Posted on 08/03/2015 4:39:13 AM PDT by Zhang Fei

A California academic whose criticisms of science behind the nation’s most expensive diesel emissions rules has won a legal victory and effectively erased his termination.

James Enstrom, an epidemiologist and researcher at UCLA for 35 years, learned last week he had won $140,000 and retains his ability to keep an office and use laboratory facilities on campus. He’ll also have the ability to gain an appointment to perform additional research.

“It’s gratifying to get any kind of decision against the university,” Enstrom told Land Line Magazine by telephone Monday. “It’s really a brutal process. They go out of their way to crush anyone that contests their agenda.”

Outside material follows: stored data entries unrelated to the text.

Lemma law_sum_notin (u : J) (t : R) : 0 <= t <= 1 ->
  \sum_(S : {set J} | u \notin S) p t S = fbarAux p u t.
Proof.
move=> t01; rewrite /fbarAux /fAux -(law_sum1 t01).
by rewrite [in RHS](bigID (fun S : {set J} => u \in S)) /= addrAC subrr add0r.
Qed.

End law.

Section reference_process.
Variable R : realType.

Lemma ln2_gt0 : 0 < ln (2 : R).
Proof. by apply: ln_gt0; rewrite ltr1n. Qed.

Lemma ln2_le1 : ln (2 : R) <= 1.
Proof. by rewrite -ler_expR lnK ?posrE // (le_trans _ (expR_ge1Dx 1)). Qed.

Lemma setC1_bool (b : bool) : ~: [set b] = [set ~~ b].
Proof. by apply/setP => c; rewrite !inE; case: b; case: c. Qed.

Lemma sum_setbool (F : {set bool} -> R) :
  \sum_(S : {set bool}) F S =
  F finset.set0 + F [set true] + F [set false] + F [set: bool].
Proof.
pose mk (bc : bool * bool) : {set bool} := [set c | if c then bc.1 else bc.2].
rewrite (reindex mk) /=; last first.
  exists (fun S : {set bool} => (true \in S, false \in S)) => [[b c] _ | S _].
    by rewrite !inE.
  by apply/setP => -[]; rewrite !inE.
rewrite -(pair_big xpredT xpredT (fun b c => F (mk (b, c)))) /= !big_bool /=.
have -> : mk (true, true) = [set: bool] by apply/setP => -[]; rewrite !inE.
have -> : mk (true, false) = [set true] by apply/setP => -[]; rewrite !inE.
have -> : mk (false, true) = [set false] by apply/setP => -[]; rewrite !inE.
have -> : mk (false, false) = finset.set0 by apply/setP => -[]; rewrite !inE.
ring.
Qed.

Lemma fwd_rhs_set0_bool (r : {set bool} -> bool -> R) q :
  fwd_rhs r q finset.set0 =
  - (q finset.set0 * (r finset.set0 true + r finset.set0 false)).
Proof.
rewrite /fwd_rhs big_set0 finset.setC0 sub0r.
by rewrite (eq_bigl xpredT) ?big_bool // => c; rewrite inE.
Qed.

Lemma fwd_rhs_set1_bool (r : {set bool} -> bool -> R) q (b : bool) :
  fwd_rhs r q [set b] =
  q finset.set0 * r finset.set0 b - q [set b] * r [set b] (~~ b).
Proof. by rewrite /fwd_rhs big_set1 setC1_bool big_set1 finset.setDv. Qed.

In 2009, Enstrom was notified that his appointment as a researcher was under review. By 2010, Enstrom was told he had been let go because his research “is not aligned with the academic mission of the Department,” court documents say.

Enstrom, who sued UCLA over the firing in 2012, has been a thorn in the side of state air regulators for years.

In 2002, he began a study examining the relationship between particulate matter 2.5 (PM2.5) and mortality in California. Published in 2005, his findings saw no relationship between PM2.5 and total mortality in the state – “representing the largest and most detailed study of the relationship between PM2.5 and total mortality in California that has been published in a peer-reviewed journal,” his lawsuit stated.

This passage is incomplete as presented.